In March this year, Mr Grainger chaired the Asia-Pacific Internet Conference. The conference was convened by the ABA, with support from UNESCO and AusAID. Many of the 16 countries that attended this conference expressed concern about access and they saw international collaborative efforts as insignificant when technology is developing rapidly and information proliferates through new media. In such an environment, these countries considered it would still be some time before their communities would have access to basic communications systems, let alone new services such as the Internet.

"I believe UNESCO should be placing most emphasis on access to communications and information," said Mr Grainger. "It should be asking how the opportunities of the so-called information age could be made available and relevant to the widest number of people in the world, particularly those in rural and remote areas."
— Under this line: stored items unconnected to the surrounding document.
(* Strong Disjoint Blow-up/Collapse Property for T_1..T_N (indexed by 'I_N);
   the sets U_{1-L},...,U_0 are indexed by 'I_L. *)
Definition strong_disjoint_blowup_collapse (N : nat) (T : 'I_N -> X -> X) : Prop :=
  forall (L : nat), (0 < L)%N ->
  forall (W : set X) (V : 'I_L -> set X) (U : 'I_N -> set X),
    open W -> W !=set0 -> W 0 ->
    (forall l, open (V l) /\ V l !=set0) ->
    (forall i, open (U i) /\ U i !=set0) ->
    exists n : nat, (0 < n)%N /\
      (exists x, W x /\ forall i, U i (opow (T i) n x)) /\
      (forall l, exists y, V l y /\ forall i, W (opow (T i) n y)).

Definition d_hypercyclic (N : nat) (T : 'I_N -> X -> X) (x : X) : Prop :=
  dense (range (fun n : nat => (fun i : 'I_N => opow (T i) n x))
          : set {ptws 'I_N -> X}).

Definition linear_subspace (M : set X) : Prop :=
  M 0 /\ (forall x y, M x -> M y -> M (x + y)) /\
  (forall (a : K) x, M x -> M (a *: x)).

Definition dense_d_hypercyclic_manifold (N : nat) (T : 'I_N -> X -> X)
    (M : set X) : Prop :=
  linear_subspace M /\ dense M /\
  (forall x, M x -> x != 0 -> d_hypercyclic T x).

End Defs.

Definition theorem2p2_over (K : numFieldType) : Prop :=
  forall (X : completeNormedModType K),
  separable_space X -> infinite_dimensional X ->
  forall (N : nat) (T : 'I_N -> X -> X),
  (2 <= N)%N ->
  (forall i, bounded_operator (T i)) ->
  forall (nk : nat -> nat) (X0 : set X) (S : nat -> ('I_N -> X) -> X),
  (forall k, (0 < nk k)%N) ->
  (forall k, (nk k < nk k.+1)%N) ->
  dense X0 ->
  (forall x, X0 x -> forall i : 'I_N,
      (fun k => opow (T i) (nk k) x) @ \oo --> (0 : X)) ->
  (forall (eps : K), 0 < eps -> forall K0 : nat,
     forall xs : 'I_N -> X, (forall i, X0 (xs i)) ->
     exists k : nat, (K0 <= k)%N /\
       `|S k xs| < eps /\
       (forall i : 'I_N, `|opow (T i) (nk k) (S k xs) - xs i| < eps)) ->
  strong_disjoint_blowup_collapse T /\
  exists M : set X, dense_d_hypercyclic_manifold T M.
While he sees it as clearly within UNESCO’s charter to address the protection of children from inappropriate content on communications services, Mr Grainger considers this work to be more appropriate for other forums in which the private sector is playing a prominent leadership role. These include the Global Business Dialogue and the Bertelsmann Foundation’s process on Self-Regulation of Internet Content.

"UNESCO cannot expect to be a leader in this field", Mr Grainger said. "However, it can play a useful role documenting the developments that occur as part of the process of achieving international consensus, and in disseminating this information in its member countries."

Mr Grainger sees a role for UNESCO in supporting the growing global network of hotlines for dealing with inappropriate content on the Internet. In this role, UNESCO would work in association with other organisations such as the European Commission and INHOPE. Once again he considers it a matter best pursued as a regional initiative so that there is a greater sense of ownership and relevance to individual countries, as in the final analysis, it would be national parliaments that decide on policy and laws for their own countries.

Mr Grainger concluded his intervention by appealing for strong support from UNESCO’s Regular Budget and from the Participation Program budget for Australia’s important initiative, the International Conference on Youth and Media Research, to be held in Sydney in November 2000. He also called for support for the conference for young people from the Asia-Pacific region that would be held soon after.